Increasing the sample size has decreased the standard deviation of the sample as the bigger sample means that outliers have less impact on the distribution. The means have had some small changes - the higher sample size has made the means more accurate (i.e. closer to the mean of the populations).

In [17]:
sample1_20 = np.random.choice(pop1, 20, replace=True)
sample2_20 = np.random.choice(pop2, 20, replace=True)

In [19]:
summary1_20 = (sample1_20.mean(), sample1_20.std())
summary2_20 = (sample2_20.mean(), sample2_20.std())
(summary1_20, summary2_20)

((2.7000000000000002, 1.3820274961085255),
 (5.3499999999999996, 1.7684739183827394))

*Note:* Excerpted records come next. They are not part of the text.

(* Let $J$ be a Jordan algebra with unit element $1$ over a field $F$ of characteristic $\neq 2,3$, and let $d$ be a derivation with invertible values of $J$. Let $M$ be the sum of all ideals of $J$ contained in $\ker(d)$. Then $M$ is the largest proper ideal of $J$ (it contains every proper ideal of $J$), the map $\bar d: J/M \to J/M$, $\bar d(j+M) = d(j)+M$, is a well-defined derivation with invertible values of $J/M$, and $J/M$ is a simple Jordan algebra (its only ideals are $0$ and $J/M$).
   Context: A Jordan algebra is a commutative algebra satisfying $(x^2,y,x)=0$, where $(a,b,c)=(ab)c-a(bc)$. In a Jordan algebra $J$ with unit $1$, an element $x$ is invertible if there exists $y \in J$ with $xy = 1$ and $x^2 y = x$. A derivation with invertible values of $J$ is a nonzero derivation $d$ of $J$ such that for every $x \in J$, $d(x)$ is either invertible or equal to $0$. *)

From HB Require Import structures.
From mathcomp Require Import all_boot all_order all_algebra.
Set Implicit Arguments. Unset Strict Implicit. Unset Printing Implicit Defensive.
Import Order.TTheory GRing.Theory Num.Theory.
Local Open Scope ring_scope.

Section Jordan.
Variables (F : fieldType) (V : lmodType F).

Definition char_not_2_3 : Prop := (2%:R : F) != 0 /\ (3%:R : F) != 0.

Definition bilinear_mul (mul : V -> V -> V) : Prop :=
  (forall (a : F) (x y z : V), mul (a *: x + y) z = a *: mul x z + mul y z) /\
  (forall (a : F) (x y z : V), mul z (a *: x + y) = a *: mul z x + mul z y).

Definition assoc_jordan (mul : V -> V -> V) (a b c : V) : V :=
  mul (mul a b) c - mul a (mul b c).

Definition unital_jordan_algebra (mul : V -> V -> V) (one : V) : Prop :=
  [/\ bilinear_mul mul,
      (forall x y, mul x y = mul y x),
      (forall x y, assoc_jordan mul (mul x x) y x = 0),
      (forall x, mul one x = x) & (forall x, mul x one = x)].

Definition jinvertible (mul : V -> V -> V) (one : V) (x : V) : Prop :=
  exists y, mul x y = one /\ mul (mul x x) y = x.

Definition jderivation (mul : V -> V -> V) (d : V -> V) : Prop :=
  (forall (a : F) (x y : V), d (a *: x + y) = a *: d x + d y) /\
  (forall x y, d (mul x y) = mul (d x) y + mul x (d y)).

Definition DIV (mul : V -> V -> V) (one : V) (d : V -> V) : Prop :=
  [/\ jderivation mul d, (exists x, d x != 0) &
      (forall x, jinvertible mul one (d x) \/ d x = 0)].

Definition jideal (mul : V -> V -> V) (I : V -> Prop) : Prop :=
  [/\ I 0, (forall x y, I x -> I y -> I (x + y)),
      (forall (a : F) x, I x -> I (a *: x)) &
      (forall x y, I x -> I (mul x y) /\ I (mul y x))].

Definition jproper_ideal (mul : V -> V -> V) (I : V -> Prop) : Prop :=
  jideal mul I /\ exists x, ~ I x.

Definition sum_ideals_in_ker (mul : V -> V -> V) (d : V -> V) (x : V) : Prop :=
  exists (n : nat) (f : 'I_n -> V),
    (forall i, exists I : V -> Prop,
        [/\ jideal mul I, (forall v, I v -> d v = 0) & I (f i)]) /\
    x = \sum_(i < n) f i.

Definition jsimple (mul : V -> V -> V) : Prop :=
  (exists x : V, x != 0) /\
  forall I, jideal mul I -> (forall x, I x -> x = 0) \/ (forall x, I x).

End Jordan.

From HB Require Import structures.
From mathcomp Require Import all_boot all_order all_algebra.
From Stdlib Require Import Classical.
Set Implicit Arguments. Unset Strict Implicit.
Import GRing.Theory.
Local Open Scope ring_scope.

(* Every proper ideal I lies in ker d.  A proper ideal contains no invertible
   element, so for x in I the element d(x^2) = d(x)x + xd(x) of I is 0.
   Differentiating again puts 2 d(x)^2 in I, hence d(x)^2 since 2 is
   invertible; if d(x) were invertible with inverse u, then d(x) = d(x)^2 u
   would be an invertible element of I.  Hence M is the largest proper ideal,
   so J/M is simple; d kills M, so it descends to J/M, and its nonzero values
   stay nonzero there because M contains no invertible element. *)

Section LinearMaps.
Variables (F : fieldType) (V W : lmodType F) (g : V -> W).
Hypothesis g_lin : forall a x y, g (a *: x + y) = a *: g x + g y.

Lemma linD x y : g (x + y) = g x + g y.
Proof. by have := g_lin 1 x y; rewrite !scale1r. Qed.

Lemma lin0 : g 0 = 0.
Proof. by apply/(addrI (g 0)); rewrite -linD !addr0. Qed.

Lemma linZ a x : g (a *: x) = a *: g x.
Proof. by have := g_lin a x 0; rewrite !addr0 lin0 addr0. Qed.

Lemma linB x y : g (x - y) = g x - g y.
Proof. by rewrite linD -scaleN1r linZ scaleN1r. Qed.

Lemma lin_sum n (f : 'I_n -> V) : g (\sum_(i < n) f i) = \sum_(i < n) g (f i).
Proof. exact: (big_morph g linD lin0). Qed.

End LinearMaps.

Section IdealsAndDerivations.
Variables (F : fieldType) (V : lmodType F) (mul : V -> V -> V) (one : V).
Variable d : V -> V.
Hypothesis mul_bilin : bilinear_mul mul.
Hypothesis mul1l : forall x, mul one x = x.

Lemma jmulDl x y z : mul (x + y) z = mul x z + mul y z.
Proof. exact: (linD (fun a x y => mul_bilin.1 a x y z)). Qed.

Lemma jmul0l z : mul 0 z = 0.
Proof. exact: (lin0 (fun a x y => mul_bilin.1 a x y z)). Qed.

Lemma jmulDr x y z : mul z (x + y) = mul z x + mul z y.
Proof. exact: (linD (fun a x y => mul_bilin.2 a x y z)). Qed.

Lemma jmul0r z : mul z 0 = 0.
Proof. exact: (lin0 (fun a x y => mul_bilin.2 a x y z)). Qed.

Lemma jideal_symmetrized_mul I x y : jideal mul I -> I x -> I (mul y x + mul x y).
Proof.
by move=> [_ ID _ IM] Ix; apply: ID; [exact: (IM _ _ Ix).2 | exact: (IM _ _ Ix).1].
Qed.

Lemma proper_ideal_noninvertible I z :
  jproper_ideal mul I -> jinvertible mul one z -> ~ I z.
Proof.
move=> [[_ _ _ IM] [x notIx]] [u [zu1 _]] Iz; apply: notIx.
by rewrite -(mul1l x) -zu1; exact: (IM _ _ (IM _ _ Iz).1).1.
Qed.

Let M := sum_ideals_in_ker mul d.

Lemma sum_ideals_in_ker0 : M 0.
Proof. by exists 0%N, (fun _ => 0); split; [case | rewrite big_ord0]. Qed.

Lemma sum_ideals_in_kerD x y : M x -> M y -> M (x + y).
Proof.
move=> [n [f [Hf ->]]] [m [g [Hg ->]]].
exists (n + m)%N, (fun k => match split k with inl i => f i | inr j => g j end).
split.
  by move=> k; case: (split k).
by rewrite big_split_ord; congr (_ + _); apply: eq_bigr => i _;
  rewrite ?(unsplitK (inl _)) ?(unsplitK (inr _)).
Qed.

Lemma sum_ideals_in_ker_stable (h : V -> V) x :
  (forall x y, h (x + y) = h x + h y) -> h 0 = 0 ->
  (forall I y, jideal mul I -> I y -> I (h y)) -> M x -> M (h x).
Proof.
move=> hD h0 hI [n [f [Hf ->]]]; exists n, (h \o f); split.
  by move=> i; have [I [idI kerI If]] := Hf i; exists I; split; last exact: hI.
exact: (big_morph h hD h0).
Qed.

Lemma sum_ideals_in_ker_ideal : jideal mul M.
Proof.
split=> [||a x|x y Mx]; first exact: sum_ideals_in_ker0.
- exact: sum_ideals_in_kerD.
- apply: (sum_ideals_in_ker_stable (h := fun v => a *: v)) => //.
  + exact: scalerDr.
  + exact: scaler0.
  + by move=> I z [_ _ IZ _]; exact: IZ.
- split.
  + apply: (sum_ideals_in_ker_stable (h := mul^~ y)) => //.
    * by move=> u v; exact: jmulDl.
    * exact: jmul0l.
    * by move=> I z [_ _ _ IM] /(IM _ y) [].
  + apply: (sum_ideals_in_ker_stable (h := mul y)) => //.
    * by move=> u v; exact: jmulDr.
    * exact: jmul0r.
    * by move=> I z [_ _ _ IM] /(IM _ y) [].
Qed.

Lemma ideal_sub_sum_ideals_in_ker I x :
  jideal mul I -> (forall v, I v -> d v = 0) -> I x -> M x.
Proof.
by move=> idI kerI Ix; exists 1%N, (fun _ => x); split; [exists I | rewrite big_ord1].
Qed.

Hypothesis d_der : jderivation mul d.

Lemma sum_ideals_in_ker_sub_ker x : M x -> d x = 0.
Proof.
move=> [n [f [Hf ->]]]; rewrite (lin_sum d_der.1); apply: big1 => i _.
by have [I [_ kerI If]] := Hf i; exact: kerI.
Qed.

Hypothesis two_neq0 : (2%:R : F) != 0.

Lemma ideal_dsqr I x :
  jideal mul I -> I x -> d (mul x x) = 0 -> I (mul (d x) (d x)).
Proof.
move=> idI Ix dxx0; have [_ _ IZ _] := idI.
have [dlin dmul] := d_der; set v := mul (d x) (d x).
have Iddx := jideal_symmetrized_mul (d (d x)) idI Ix.
have twice_v : v + v = - (mul (d (d x)) x + mul x (d (d x))).
  have := congr1 d dxx0; rewrite (lin0 dlin) dmul (linD dlin) !dmul => e.
  by apply/eqP; rewrite -addr_eq0 addrC -e addrACA [mul x _ + _]addrC.
have -> : v = (2%:R^-1 : F) *: (v + v).
  by rewrite -mulr2n -scaler_nat scalerA mulVf // scale1r.
by apply: (IZ); rewrite twice_v -scaleN1r; exact: IZ Iddx.
Qed.

Hypothesis d_inv : forall x, jinvertible mul one (d x) \/ d x = 0.

Lemma proper_ideal_d_val I z : jproper_ideal mul I -> I (d z) -> d z = 0.
Proof.
by move=> propI Idz; case: (d_inv z) => // /(proper_ideal_noninvertible propI).
Qed.

Lemma proper_ideal_sub_ker I x : jproper_ideal mul I -> I x -> d x = 0.
Proof.
move=> propI Ix; have [[_ _ _ IM] _] := propI.
have dxx0 : d (mul x x) = 0.
  apply: (proper_ideal_d_val propI); rewrite d_der.2.
  exact: jideal_symmetrized_mul propI.1 Ix.
have Idx2 := ideal_dsqr propI.1 Ix dxx0.
case: (d_inv x) => // dx_inv; have [u [_ dx2u]] := dx_inv.
have Idx : I (d x) by rewrite -dx2u; exact: (IM _ u Idx2).1.
by case: (proper_ideal_noninvertible propI dx_inv Idx).
Qed.

Lemma proper_ideal_sub_sum_ideals_in_ker I x : jproper_ideal mul I -> I x -> M x.
Proof.
move=> propI; apply: ideal_sub_sum_ideals_in_ker propI.1 _.
by move=> v; exact: proper_ideal_sub_ker.
Qed.

Lemma sum_ideals_in_ker_proper : (exists x, d x != 0) -> jproper_ideal mul M.
Proof.
move=> [x dx_neq0]; split; first exact: sum_ideals_in_ker_ideal.
by exists x => /sum_ideals_in_ker_sub_ker dx0; rewrite dx0 eqxx in dx_neq0.
Qed.

End IdealsAndDerivations.

Section SurjectiveImage.
Variables (F : fieldType) (V Q : lmodType F).
Variables (mul : V -> V -> V) (one : V) (mulQ : Q -> Q -> Q) (oneQ : Q).
Variable pi : V -> Q.
Hypothesis pi_lin : forall a x y, pi (a *: x + y) = a *: pi x + pi y.
Hypothesis pi_mul : forall x y, pi (mul x y) = mulQ (pi x) (pi y).
Hypothesis pi_one : pi one = oneQ.
Hypothesis pi_surj : forall q, exists x, pi x = q.

Lemma unital_jordan_algebra_image :
  unital_jordan_algebra mul one -> unital_jordan_algebra mulQ oneQ.
Proof.
move=> [[Hl Hr] Hc Hj H1l H1r]; split.
- split=> a p q r; have [x <-] := pi_surj p; have [y <-] := pi_surj q;
  have [z <-] := pi_surj r; by rewrite -pi_lin -!pi_mul ?Hl ?Hr pi_lin.
- by move=> p q; have [x <-] := pi_surj p; have [y <-] := pi_surj q;
    rewrite -!pi_mul Hc.
- move=> p q; have [x <-] := pi_surj p; have [y <-] := pi_surj q.
  by rewrite /assoc_jordan -!pi_mul -(linB pi_lin) -(lin0 pi_lin) -(Hj x y).
- by move=> p; have [x <-] := pi_surj p; rewrite -pi_one -pi_mul H1l.
- by move=> p; have [x <-] := pi_surj p; rewrite -pi_one -pi_mul H1r.
Qed.

Lemma induced_map_exists (h : V -> V) :
  (forall x y, pi x = pi y -> pi (h x) = pi (h y)) ->
  exists hbar : Q -> Q, forall x, hbar (pi x) = pi (h x).
Proof.
move=> h_compat.
have pi_surjb q : exists x, pi x == q by have [x <-] := pi_surj q; exists x.
exists (fun q => pi (h (xchoose (pi_surjb q)))) => x.
by apply: h_compat; apply/eqP; exact: (xchooseP (pi_surjb (pi x))).
Qed.

Lemma DIV_image d dbar :
  (forall x, dbar (pi x) = pi (d x)) ->
  (forall x, jinvertible mul one x -> pi x != 0) ->
  DIV mul one d -> DIV mulQ oneQ dbar.
Proof.
move=> dbarE pi_inv [[dlin dmul] [x0 dx0_neq0] d_inv]; split.
- split=> [a p q | p q]; have [x <-] := pi_surj p; have [y <-] := pi_surj q.
    by rewrite -pi_lin !dbarE dlin pi_lin.
  by rewrite -pi_mul !dbarE dmul (linD pi_lin) !pi_mul.
- exists (pi x0); rewrite dbarE.
  by case: (d_inv x0) => [/pi_inv // | dx0]; rewrite dx0 eqxx in dx0_neq0.
- move=> p; have [x <-] := pi_surj p; rewrite dbarE.
  case: (d_inv x) => [[u [du1 dxxu]] | ->]; last by right; rewrite (lin0 pi_lin).
  by left; exists (pi u); rewrite -!pi_mul du1 dxxu pi_one.
Qed.

Lemma jideal_preimage I : jideal mulQ I -> jideal mul (fun x => I (pi x)).
Proof.
move=> [I0 ID IZ IM]; split=> [|x y Ix Iy|a x Ix|x y Ix].
- by rewrite (lin0 pi_lin).
- by rewrite (linD pi_lin); exact: ID.
- by rewrite (linZ pi_lin); exact: IZ.
- by rewrite !pi_mul; exact: IM.
Qed.

Lemma jsimple_image K :
  jproper_ideal mul K -> (forall I, jproper_ideal mul I -> forall x, I x -> K x) ->
  (forall x, pi x = 0 <-> K x) -> jsimple mulQ.
Proof.
move=> [_ [y notKy]] K_max pi_ker; split.
  by exists (pi y); apply/eqP => /pi_ker.
move=> I /jideal_preimage idI.
have [[x notIx] | all_I] := classic (exists x, ~ I (pi x)).
  left=> q; have [z <-] := pi_surj q => Iz; apply/pi_ker.
  by apply: (K_max (fun v => I (pi v)) _ z Iz); split; last exists x.
by right=> q; have [z <-] := pi_surj q; apply: NNPP => notIz; apply: all_I; exists z.
Qed.

End SurjectiveImage.

Theorem mainTheorem4 (F : fieldType) (V : lmodType F)
  (mul : V -> V -> V) (one : V) (d : V -> V) :
  char_not_2_3 F ->
  unital_jordan_algebra mul one ->
  DIV mul one d ->
  let M := sum_ideals_in_ker mul d in
  [/\ jproper_ideal mul M,
      (forall I, jproper_ideal mul I -> forall x, I x -> M x) &
      forall (Q : lmodType F) (mulQ : Q -> Q -> Q) (oneQ : Q) (pi : V -> Q),
        (forall (a : F) (x y : V), pi (a *: x + y) = a *: pi x + pi y) ->
        (forall x y, pi (mul x y) = mulQ (pi x) (pi y)) ->
        pi one = oneQ ->
        (forall q, exists x, pi x = q) ->
        (forall x, pi x = 0 <-> M x) ->
        exists dbar : Q -> Q,
          [/\ (forall x, dbar (pi x) = pi (d x)),
              unital_jordan_algebra mulQ oneQ,
              DIV mulQ oneQ dbar &
              jsimple mulQ]].
Proof.
move=> [two_neq0 _] J_alg J_div M; have [mul_bilin _ _ mul1l _] := J_alg.
have [d_der d_nonzero d_inv] := J_div.
have M_proper : jproper_ideal mul M := sum_ideals_in_ker_proper mul_bilin d_der d_nonzero.
have M_max I : jproper_ideal mul I -> forall x, I x -> M x.
  by move=> propI x; exact: proper_ideal_sub_sum_ideals_in_ker propI.
split=> // Q mulQ oneQ pi pi_lin pi_mul pi_one pi_surj pi_ker.
have [dbar dbarE] : exists dbar : Q -> Q, forall x, dbar (pi x) = pi (d x).
  apply: (induced_map_exists pi_surj) => x y pi_xy; congr pi; apply/eqP.
  rewrite -subr_eq0 -(linB d_der.1); apply/eqP/(sum_ideals_in_ker_sub_ker d_der).
  by apply/pi_ker; rewrite (linB pi_lin) pi_xy subrr.
exists dbar; split=> //.
- exact: unital_jordan_algebra_image pi_lin pi_mul pi_one pi_surj J_alg.
- apply: (DIV_image pi_lin pi_mul pi_one pi_surj dbarE _ J_div) => x x_inv.
  by apply/eqP => /pi_ker; exact/(proper_ideal_noninvertible mul1l M_proper x_inv).
- exact: (jsimple_image pi_lin pi_mul pi_surj M_proper M_max pi_ker).
Qed.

The (substantially) smaller sample sizes has led to the new means being  less accruate and the standard deviations are now wider. The smaller sample size therefore leads to less accurate results.

## Question 2

Change the probability value (p in the NumPy documentation) for pop1 to 0.3, then take new samples and compute the t-statistic and p-value. Then change the probability value p for group 1 to 0.4, and do it again. What changes, and why?

In [22]:
pop1_1 = np.random.binomial(10, 0.3, 10000)
sample1_1 = np.random.choice(pop1_1, 100, replace=True)

In [23]:
# calculating t stat between sample1 and sample1_1 (both have sample size 100)
diffmean = sample1.mean() - sample1_1.mean()
se = (sample1.std()**2/len(sample1) + sample1_1.std()**2/len(sample1_1))**0.5
tstat = diffmean/se
tstat

-6.474894434077382

The t-stat is large and therefore we can reject the null hypothesis that the samples are drawn from the same distribution.

In [26]:
pop1_2 = np.random.binomial(10, 0.4, 10000)
sample1_2 = np.random.choice(pop1_1, 100, replace=True)

In [27]:
# calculating t stat between sample1 and sample1_2 (both have sample size 100)
diffmean2 = sample1.mean() - sample1_2.mean()
se2 = (sample1.std()**2/len(sample1) + sample1_2.std()**2/len(sample1_2))**0.5
tstat2 = diffmean2/se2
tstat2

-7.0779593193008079

The t-stat has become larger which is to be expected since the populations which are being compared (pop1 and pop1_2 have greater differences. Note that a bigger t-stat compared to the earlier calculation will not always be the case, it still depends on the sample drawn. Both, however, should be consistently large.

## Question 3

Change the distribution of your populations from binomial to a distribution of your choice. Do the sample mean values still accurately represent the population values?

In [29]:
fpop = np.random.f(1, 5, 10000)
fpopmean = fpop.mean()
fpopstd = fpop.std()
fsample = np.random.choice(fpop, 100, replace=True)
fsamplemean = fsample.mean()
fsamplestd = fsample.std()

In [31]:
(fpopmean, fsamplemean)

(1.6390056835814248, 1.2422824442857381)

In [32]:
(fpopstd, fsamplestd)

(3.7960583374278425, 1.6897080819569739)

If the sample size is large enough then according to the CLT the mean of the samples will converge to the mean of the population values.